I have a simple class 'A' with the following contents:
class A {
public:
struct data_t {
int32_t val;
data_t(int32_t _val) :
val(_val) {
;
};
};
A& operator << (const data_t &data) {
printf("[%s] %d\n", __func__, data.val);
return *this;
};
void func(const data_t &data) {
printf("[%s] %d\n", __func__, data.val);
}
};
I tried the following codes and got:
A a;
a<<{100}; //"expected primary-expression before ‘{’ token"
a<<A::data_t{100}; //OK.
a.func({100}); //OK.
Why a<<{100}; is NG and a.func({100}); is OK?
I don't want to use the second sentence because it is too long and complicated to read.
CodePudding user response:
Since A::data_t
has a conversion constructor (a non-explicit single-argument constructor) the compiler can do implicit conversions from int32_t
to A::data_t
.
That means you can simply do e.g.
a << 100;
CodePudding user response:
Why a<<{100}; is NG and a.func({100}); is OK?

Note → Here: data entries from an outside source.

Lemma Cmod_cprod_upper (x : nat -> C) n : (forall k, Cmod (x k) <= 1)%R ->
  (Cmod (cprod (fun k => (1 + x k)%C) n) * rprod (fun k => 1 - Cmod (x k)) n <= 1)%R.
Proof.
  intros H. induction n; simpl. rewrite Cmod_1. lra. rewrite Cmod_mult.
  set (P := cprod (fun k => (1 + x k)%C) n) in *.
  set (Q := rprod (fun k => 1 - Cmod (x k))%R n) in *.
  assert (0 <= Q)%R by (apply rprod_nonneg; intros k; specialize (H k); lra).
  assert (0 <= Cmod (x n))%R by apply Cmod_ge_0. specialize (H n).
  assert (Cmod (1 + x n) <= 1 + Cmod (x n))%R.
  { eapply Rle_trans. apply Cmod_triangle. rewrite Cmod_1. lra. }
  assert (0 <= Cmod P)%R by apply Cmod_ge_0. assert (0 <= Cmod (1 + x n))%R by apply Cmod_ge_0.
  assert (Cmod (1 + x n) * (1 - Cmod (x n)) <= 1)%R.
  { apply Rle_trans with ((1 + Cmod (x n)) * (1 - Cmod (x n)))%R.
    apply Rmult_le_compat_r; lra. nra. }
  replace (Cmod P * Cmod (1 + x n) * (Q * (1 - Cmod (x n))))%R
    with ((Cmod P * Q) * (Cmod (1 + x n) * (1 - Cmod (x n))))%R by ring.
  assert (0 <= Cmod (1 + x n) * (1 - Cmod (x n)))%R by (apply Rmult_le_pos; lra).
  assert (0 <= Cmod P * Q)%R by (apply Rmult_le_pos; lra).
  nra.
Qed.

(* The partial products stay in an annulus [L <= |P n| <= 1/L], and the
   increments [P (n+1) - P n = P n * x n] are then dominated by [|x n| / L]. *)
Lemma cprod_cv (x : nat -> C) :
  (forall k, Cmod (x k) < 1)%R -> summable (fun k => Cmod (x k)) ->
  exists L l, (0 < L)%R /\ cvC (cprod (fun k => (1 + x k)%C)) l /\
    (forall n, L <= Cmod (cprod (fun k => (1 + x k)%C) n))%R /\
    (forall n, Cmod (cprod (fun k => (1 + x k)%C) n) <= / L)%R /\ (L <= Cmod l)%R.
Proof.
  intros Hx Hs. set (P := cprod (fun k => (1 + x k)%C)).
  destruct (rprod_one_minus_lower_bound (fun k => Cmod (x k))) as [L [HL HLn]]; auto.
  { intros k. split. apply Cmod_ge_0. auto. }
  assert (Hx1 : forall k, (Cmod (x k) <= 1)%R) by (intros k; left; auto).
  assert (Hlow : forall n, (L <= Cmod (P n))%R).
  { intros n. eapply Rle_trans. apply HLn. apply Cmod_cprod_lower; auto. }
  assert (Hup : forall n, (Cmod (P n) <= / L)%R).
  { intros n. pose proof (Cmod_cprod_upper x n Hx1). specialize (HLn n).
    assert (0 <= Cmod (P n))%R by apply Cmod_ge_0.
    apply Rmult_le_reg_r with L; auto. rewrite Rinv_l by lra.
    apply Rle_trans with (Cmod (P n) * rprod (fun k => 1 - Cmod (x k)) n)%R; auto.
    apply Rmult_le_compat_l; auto. }
  destruct (seriesC_abs_conv (fun n => P (S n) - P n) (fun k => / L * Cmod (x k))%R) as [s Hs'].
  { intros k. unfold P. simpl cprod. fold P.
    replace (P k * (1 + x k) - P k) with (P k * x k) by ring.
    rewrite Cmod_mult. apply Rmult_le_compat_r. apply Cmod_ge_0. apply Hup. }
  { apply summable_scal; auto. left; apply Rinv_0_lt_compat; auto. }
  assert (Hl : cvC P (1 + s)).
  { apply cvC_ext with (fun n => 1 + csum (fun n0 => P (S n0) - P n0) n).
    intros n. rewrite csum_telescope. unfold P. simpl. ring.
    apply cvC_plus. apply cvC_const. auto. }
  exists L, (1 + s). repeat split; auto. apply cvC_Cmod_ge with P; auto.
Qed.

Lemma qpoch_as_cprod a p n : qpoch a p n = cprod (fun k => 1 + (- (a * cpow p k))) n.
Proof. induction n; simpl. apply qpoch_0. rewrite qpoch_S, IHn. ring. Qed.

Lemma qpoch_cv a p : (Cmod a < 1)%R -> (Cmod p < 1)%R ->
  exists L l, (0 < L)%R /\ cvC (qpoch a p) l /\ (forall n, L <= Cmod (qpoch a p n))%R /\
    (forall n, Cmod (qpoch a p n) <= / L)%R /\ (L <= Cmod l)%R.
Proof.
  intros Ha Hp. destruct (cprod_cv (fun k => - (a * cpow p k))) as [L [l [H1 [H2 [H3 [H4 H5]]]]]].
  { intros k. rewrite Cmod_opp. apply Cmod_mult_cpow_lt_1; auto. }
  { apply summable_le with (fun k => Cmod a * Cmod p ^ k)%R.
    - intros; apply Cmod_ge_0.
    - intros k. rewrite Cmod_opp, Cmod_mult, Cmod_cpow. lra.
    - apply summable_scal. apply Cmod_ge_0. apply summable_geom.
      split; auto. apply Cmod_ge_0. }
  exists L, l. repeat split; auto.
  - apply cvC_ext with (cprod (fun k => 1 + (- (a * cpow p k)))); auto.
    intros n. symmetry. apply qpoch_as_cprod.
  - intros n. rewrite qpoch_as_cprod. auto.
  - intros n. rewrite qpoch_as_cprod. auto.
Qed.

Lemma qpoch_cv_neq_0 a p : (Cmod a < 1)%R -> (Cmod p < 1)%R ->
  exists l, cvC (qpoch a p) l /\ l <> 0.
Proof.
  intros Ha Hp. destruct (qpoch_cv a p Ha Hp) as [L [l [HL [Hl [_ [_ HLl]]]]]].
  exists l. split; auto. intro E. rewrite E, Cmod_0 in HLl. lra.
Qed.

Lemma is_qpoch_inf_cvC a b P : cvC (qpoch a b) P -> is_qpoch_inf a b P.
Proof. apply cvC_filterlim. Qed.

(** * Gaussian binomial coefficients and Euler's identity *)

Fixpoint qfall (p : C) (N k : nat) : C :=
  match k with O => 1 | S j => qfall p N j * (1 - cpow p (N - j)) end.

Definition qbinom (p : C) (N k : nat) : C := qfall p N k / qpoch p p k.

Lemma qfall_gt p N k : (N < k)%nat -> qfall p N k = 0.
Proof.
  induction k; intros H. lia. simpl. destruct (Nat.eq_dec k N).
  - subst. rewrite Nat.sub_diag. simpl. ring.
  - rewrite IHk by lia. ring.
Qed.

Lemma qfall_S p N k : qfall p (S N) (S k) = (1 - cpow p (S N)) * qfall p N k.
Proof.
  induction k. simpl. rewrite ?Nat.sub_0_r. ring.
  change (qfall p (S N) (S (S k))) with (qfall p (S N) (S k) * (1 - cpow p (S N - S k))).
  rewrite IHk. simpl. ring.
Qed.

Lemma qfall_qpoch p N k : (k <= N)%nat -> qfall p N k * qpoch p p (N - k) = qpoch p p N.
Proof.
  induction k; intros H. simpl. rewrite Nat.sub_0_r. ring.
  simpl qfall. rewrite <- IHk by lia. replace (N - k)%nat with (S (N - S k)) by lia.
  rewrite qpoch_S. replace (p * cpow p (N - S k)) with (cpow p (S (N - S k))) by reflexivity.
  replace (S (N - S k)) with (N - k)%nat by lia. ring.
Qed.

Lemma qfall_Cmod_le p N k : (Cmod p < 1)%R -> (Cmod (qfall p N k) <= 2 ^ k)%R.
Proof.
  intros Hp. induction k; simpl. rewrite Cmod_1. lra. rewrite Cmod_mult.
  assert (Cmod (1 - cpow p (N - k)) <= 2)%R.
  { unfold Cminus. eapply Rle_trans. apply Cmod_triangle. rewrite Cmod_opp, Cmod_1.
    pose proof (Cmod_cpow_le_1 p (N - k) (Rlt_le _ _ Hp)). lra. }
  assert (0 <= Cmod (qfall p N k))%R by apply Cmod_ge_0.
  assert (0 <= Cmod (1 - cpow p (N - k)))%R by apply Cmod_ge_0. nra.
Qed.

Lemma qfall_cv p k : (Cmod p < 1)%R -> cvC (fun N => qfall p N k) 1.
Proof.
  intros Hp. assert (Hr : (0 <= Cmod p)%R) by apply Cmod_ge_0.
  assert (Hpow : forall j, cvC (fun N => cpow p (N - j)) 0).
  { intros j eps He.
    destruct (pow_lt_1_zero (Cmod p) ltac:(rewrite Rabs_pos_eq; lra) eps He) as [N0 HN0].
    exists (N0 + j)%nat. intros n Hn.
    replace (cpow p (n - j) - 0) with (cpow p (n - j)) by ring. rewrite Cmod_cpow.
    specialize (HN0 (n - j)%nat ltac:(lia)). rewrite Rabs_pos_eq in HN0 by (apply pow_le; lra).
    auto. }
  induction k. exact (cvC_const 1).
  pose proof (cvC_mult _ _ _ _ IHk (cvC_minus _ _ _ _ (cvC_const 1) (Hpow k))) as H.
  replace (1 * (1 - 0)) with (RtoC 1) in H by ring. exact H.
Qed.

Lemma qbinom_0 p N : qbinom p N 0 = 1.
Proof. unfold qbinom. simpl. rewrite qpoch_0. field. Qed.

Lemma qbinom_gt p N k : (N < k)%nat -> qbinom p N k = 0.
Proof. intros. unfold qbinom. rewrite qfall_gt by auto. unfold Cdiv. ring. Qed.

Lemma qbinom_pascal p N k : (Cmod p < 1)%R ->
  qbinom p (S N) (S k) = qbinom p N k + cpow p (S k) * qbinom p N (S k).
Proof.
  intros Hp. unfold qbinom. rewrite qfall_S. simpl qfall. rewrite qpoch_S.
  assert (H1 : qpoch p p k <> 0) by (apply qpoch_neq_0; auto).
  assert (H2 : 1 - p * cpow p k <> 0) by (apply one_minus_neq_0, Cmod_mult_cpow_lt_1; auto).
  destruct (Nat.le_gt_cases k N).
  - replace (cpow p (S N)) with (cpow p (S k) * cpow p (N - k)).
    + simpl cpow. field. split; auto.
    + rewrite <- cpow_add. f_equal. lia.
  - rewrite qfall_gt by lia. field. split; auto.
Qed.

Lemma qbinom_qpoch p N k : (Cmod p < 1)%R -> (k <= N)%nat ->
  qbinom p N k = qpoch p p N / (qpoch p p k * qpoch p p (N - k)).
Proof.
  intros Hp H. unfold qbinom. rewrite <- (qfall_qpoch p N k H).
  field. split; apply qpoch_neq_0; auto.
Qed.

Lemma qbinom_cv p k : (Cmod p < 1)%R -> cvC (fun N => qbinom p N k) (/ qpoch p p k).
Proof.
  intros Hp. replace (/ qpoch p p k) with (/ qpoch p p k * 1) by ring.
  apply cvC_ext with (fun N => / qpoch p p k * qfall p N k).
  intros. unfold qbinom, Cdiv. ring.
  apply cvC_scal. apply qfall_cv; auto.
Qed.

Lemma Cmod_qbinom_rprod_le p N k : (Cmod p < 1)%R ->
  (Cmod (qbinom p N k) * rprod (fun i => 1 - Cmod p ^ S i)%R k <= 1)%R.
Proof.
  intros Hp. assert (Hr : (0 <= Cmod p)%R) by apply Cmod_ge_0.
  set (Pk := rprod (fun i => 1 - Cmod p ^ S i)%R).
  assert (Hf : forall i, (0 <= 1 - Cmod p ^ S i <= 1)%R).
  { intros i. assert (0 <= Cmod p ^ S i)%R by (apply pow_le; lra).
    assert (Cmod p ^ S i < 1)%R by (apply pow_lt_1_compat; [lra|lia]). lra. }
  revert k. induction N; intros [|j].
  - rewrite qbinom_0, Cmod_1. unfold Pk. simpl. lra.
  - rewrite qbinom_gt, Cmod_0 by lia. lra.
  - rewrite qbinom_0, Cmod_1. unfold Pk. simpl. lra.
  - rewrite qbinom_pascal by auto.
    pose proof (IHN j) as H1. pose proof (IHN (S j)) as H2.
    change (Pk (S j)) with (Pk j * (1 - Cmod p ^ S j))%R in *.
    assert (0 <= Pk j)%R by (apply rprod_nonneg; intros; apply Hf).
    pose proof (Hf j).
    assert (Cmod (qbinom p N j + cpow p (S j) * qbinom p N (S j))
            <= Cmod (qbinom p N j) + Cmod p ^ S j * Cmod (qbinom p N (S j)))%R.
    { eapply Rle_trans. apply Cmod_triangle. rewrite Cmod_mult, Cmod_cpow. lra. }
    set (s := (Cmod p ^ S j)%R) in *.
    set (a := Cmod (qbinom p N j)) in *. set (b := Cmod (qbinom p N (S j))) in *.
    assert (0 <= s)%R by (apply pow_le; lra).
    assert (0 <= a)%R by apply Cmod_ge_0. assert (0 <= b)%R by apply Cmod_ge_0.
    apply Rle_trans with ((a + s * b) * (Pk j * (1 - s)))%R.
    { apply Rmult_le_compat_r. apply Rmult_le_pos; lra. auto. }
    assert (a * Pk j * (1 - s) <= 1 * (1 - s))%R by (apply Rmult_le_compat_r; lra).
    assert (s * (b * (Pk j * (1 - s))) <= s * 1)%R by (apply Rmult_le_compat_l; lra).
    nra.
Qed.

The grammar of the language simply only allows braced initializer lists in certain places. As operand to (arithmetic) operators in expressions it is generally not allowed, even thought one might be able to make sense of it for overloaded operators.
Braced initializer lists are potentially allowed:
- in initializers of variables, class members,
new
expressions, default arguments (for function parameters and non-type template parameters) - after a type specifier (functional type conversion notation)
- as arguments in function calls and template arguments
- as right-hand side of assignment
- as operand to
return
,co_return
andco_yield
- as initializer in a range-
for
Assuming I didn't forget any case, they cannot be used anywhere else.